(* There exists $P\in\mathbb R^{L(m+r)\times(Lm+n)}$ with $\mathrm{im}P=\mathscr P$ and $P^\top P=I$. Further, for such $P$, the IOH $v$ satisfies $\hat v(t+1)=P^\top\Theta P\hat v(t)+P^\top\Pi u(t)$, $v(t)=P\hat v(t)$ for $t\ge L$, where $\hat v(L)=P^\top v(L)$. Besides, if $v(L)\sim\mathcal N_\Phi$ where $\Phi\ge0$ satisfies $\mathrm{im}\Phi=\mathscr P$, then $\hat v(L)\sim\mathcal N_{\hat\Phi}$ with $\hat\Phi:=P^\top\Phi P>0$.
   Context: System $\Sigma_s$: $x(t+1)=Ax(t)+Bu(t)$, $y(t)=Cx(t)$, $t\ge0$, $x\in\mathbb R^n,u\in\mathbb R^m,y\in\mathbb R^r$; standing assumptions: $(A,B,C)$ minimal, $A$ Schur. $\mathcal R_L=[A^{L-1}B,\dots,B]$, $\mathcal O_L=[C^\top,\dots,(CA^{L-1})^\top]^\top$, $\mathcal H_L$ the $Lr\times Lm$ block lower-triangular Toeplitz matrix with $(i,j)$ block $H_{i-j}$, $H_0=0$, $H_k=CA^{k-1}B$. Fix $L$ with $\operatorname{rank}\mathcal O_L=n$. IOH: $v(t)=[u(t-L)^\top,\dots,u(t-1)^\top,y(t-L)^\top,\dots,y(t-1)^\top]^\top$, $t\ge L$. $\Gamma=[\mathcal R_L-A^L\mathcal O_L^\dagger\mathcal H_L,\ A^L\mathcal O_L^\dagger]$; $\Theta=\mathrm{diag}(S_m,S_r)+EC\Gamma$, with $S_k$ the $Lk\times Lk$ block matrix having $I_k$ in blocks $(i,i+1)$, $i<L$, zeros elsewhere, $E$ having $I_r$ in its last $r$ rows, zeros elsewhere; $\Pi$ has $I_m$ in rows $(L-1)m+1,\dots,Lm$, zeros elsewhere. The IOH obeys $v(t+1)=\Theta v(t)+\Pi u(t)$, $y=C\Gamma v$, $t\ge L$. $\mathscr P=\mathrm{im}[\Theta^{L(m+r)-1}\Pi,\dots,\Theta\Pi,\Pi]$. $\mathcal N_\Phi$ denotes a Gaussian distribution whose second moment about zero is $\Phi$. *)

From HB Require Import structures.
From mathcomp Require Import all_boot all_order all_algebra.
From mathcomp Require Import all_classical all_reals all_analysis.
From mathcomp Require Import complex.

Set Implicit Arguments.
Unset Strict Implicit.
Unset Printing Implicit Defensive.

Import Order.TTheory GRing.Theory Num.Theory.
Local Open Scope ring_scope.
Local Open Scope classical_set_scope.

(* Block-matrix helpers.  An index k : 'I_(p * a) is split as the pair *)
(* (block, offset) : 'I_p * 'I_a, with k = block * a + offset (the same *)
(* row-major convention as mathcomp's mxvec_index).                   *)
Definition bidx {p a : nat} (k : 'I_(p * a)) : 'I_p * 'I_a :=
  enum_val (cast_ord (esym (mxvec_cast p a)) k).

Definition blockmx {R : Type} {p q a b : nat}
  (f : 'I_p -> 'I_q -> 'M[R]_(a, b)) : 'M[R]_(p * a, q * b) :=
  \matrix_(i, j) f (bidx i).1 (bidx j).1 (bidx i).2 (bidx j).2.

Definition bcol {R : Type} {p a b : nat}
  (f : 'I_p -> 'M[R]_(a, b)) : 'M[R]_(p * a, b) :=
  \matrix_(i, j) f (bidx i).1 (bidx i).2 j.

Definition brow {R : Type} {q a b : nat}
  (f : 'I_q -> 'M[R]_(a, b)) : 'M[R]_(a, q * b) :=
  \matrix_(i, j) f (bidx j).1 i (bidx j).2.

Definition same_image {R : fieldType} {p a b : nat}
  (A : 'M[R]_(p, a)) (B : 'M[R]_(p, b)) : bool := (A^T == B^T)%MS.

Definition is_mp_pinv {R : fieldType} {p q : nat}
  (M : 'M[R]_(p, q)) (X : 'M[R]_(q, p)) : Prop :=
  [/\ M *m X *m M = M, X *m M *m X = X,
      (M *m X)^T = M *m X & (X *m M)^T = X *m M].

Definition psd {R : realFieldType} {N : nat} (M : 'M[R]_N) : Prop :=
  M^T = M /\ forall x : 'cV[R]_N, 0 <= (x^T *m M *m x) 0 0.
Definition posdef {R : realFieldType} {N : nat} (M : 'M[R]_N) : Prop :=
  M^T = M /\ forall x : 'cV[R]_N, x != 0 -> 0 < (x^T *m M *m x) 0 0.

Definition schur {R : rcfType} {n : nat} (A : 'M[R]_n) : Prop :=
  forall l : R[i], eigenvalue (map_mx (real_complex R) A) l -> `|l| < 1.

Section SystemMatrices.
Variables (R : fieldType) (n m r : nat).
Variables (A : 'M[R]_n) (B : 'M[R]_(n, m)) (C : 'M[R]_(r, n)).

Definition ctrb (L : nat) : 'M[R]_(n, L * m) :=
  brow (fun j : 'I_L => A ^+ (L - 1 - j) *m B).

Definition obsv (L : nat) : 'M[R]_(L * r, n) :=
  bcol (fun i : 'I_L => C *m A ^+ i).

Definition toeplitz (L : nat) : 'M[R]_(L * r, L * m) :=
  blockmx (fun i j : 'I_L =>
    if (j < i)%N then C *m A ^+ (i - j - 1) *m B else 0).

Variables (L : nat) (Od : 'M[R]_(n, L * r)).

Definition Gamma : 'M[R]_(n, L * m + L * r) :=
  row_mx (ctrb L - A ^+ L *m Od *m toeplitz L) (A ^+ L *m Od).

Definition shiftmx (k : nat) : 'M[R]_(L * k) :=
  blockmx (fun i j : 'I_L => if (j == i.+1 :> nat) then 1%:M else 0).

Definition lastblk (k : nat) : 'M[R]_(L * k, k) :=
  bcol (fun i : 'I_L => if (i == L.-1 :> nat) then 1%:M else 0).

Definition Emx : 'M[R]_(L * m + L * r, r) := col_mx 0 (lastblk r).
Definition Pimx : 'M[R]_(L * m + L * r, m) := col_mx (lastblk m) 0.

Definition Theta : 'M[R]_(L * m + L * r) :=
  block_mx (shiftmx m) 0 0 (shiftmx r) + Emx *m C *m Gamma.

(* generator of the subspace scrP: [Theta^(N-1) Pi, ..., Theta Pi, Pi], N = L(m+r) *)
Definition PPgen : 'M[R]_(L * m + L * r, (L * m + L * r) * m) :=
  brow (fun k : 'I_(L * m + L * r) =>
    Theta ^+ (L * m + L * r - 1 - k) *m Pimx).

Fixpoint state (x0 : 'cV[R]_n) (u : nat -> 'cV[R]_m) (t : nat) : 'cV[R]_n :=
  match t with
  | 0 => x0
  | t'.+1 => A *m state x0 u t' + B *m u t'
  end.

Definition output x0 u t : 'cV[R]_r := C *m state x0 u t.

(* IOH v(t) = [u(t-L); ...; u(t-1); y(t-L); ...; y(t-1)]  (meaningful for t >= L) *)
Definition ioh (x0 : 'cV[R]_n) (u : nat -> 'cV[R]_m) (t : nat)
  : 'cV[R]_(L * m + L * r) :=
  col_mx (bcol (fun k : 'I_L => u (t - L + k)%N))
         (bcol (fun k : 'I_L => output x0 u (t - L + k)%N)).

End SystemMatrices.

Definition gaussian_rv {d} {T : measurableType d} {R : realType}
  (P : probability T R) (f : T -> R) (mn s2 : R) : Prop :=
  measurable_fun setT f /\
  forall B : set R, measurable B ->
    P (f @^-1` B) = (if s2 == 0 then \d_mn B else normal_prob mn (Num.sqrt s2) B).

Definition gaussian_vec {d} {T : measurableType d} {R : realType} {N : nat}
  (P : probability T R) (X : T -> 'cV[R]_N) : Prop :=
  forall a : 'cV[R]_N, exists mn s2 : R,
    0 <= s2 /\ gaussian_rv P (fun w => (a^T *m X w) 0 0) mn s2.

(* X ~ N_Phi : X is Gaussian and its second moment about zero E[X X^T] is Phi *)
Definition normal_mom2 {d} {T : measurableType d} {R : realType} {N : nat}
  (P : probability T R) (X : T -> 'cV[R]_N) (Phi : 'M[R]_N) : Prop :=
  gaussian_vec P X /\
  forall i j : 'I_N, ('E_P[fun w => (X w i ord0 * X w j ord0)%R] = (Phi i j)%:E)%E.

From HB Require Import structures.
From mathcomp Require Import all_boot all_order all_algebra.
From mathcomp Require Import all_classical all_reals all_analysis.
From mathcomp Require Import complex measurable_realfun.
From mathcomp Require Import zify lra.
Import Order.TTheory GRing.Theory Num.Theory.
Local Open Scope ring_scope.
Set Implicit Arguments.
Unset Strict Implicit.
Unset Printing Implicit Defensive.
..............................
> _Task objective_: Starting at the line above that holds "block_mx (shiftmx m)" and ending at the line that holds "Theta ^+ (L", transcribe each line exactly and include no other lines.

> _Finished task_:
  block_mx (shiftmx m) 0 0 (shiftmx r) + Emx *m C *m Gamma.

(* generator of the subspace scrP: [Theta^(N-1) Pi, ..., Theta Pi, Pi], N = L(m+r) *)
Definition PPgen : 'M[R]_(L * m + L * r, (L * m + L * r) * m) :=
  brow (fun k : 'I_(L * m + L * r) =>
    Theta ^+ (L * m + L * r - 1 - k) *m Pimx).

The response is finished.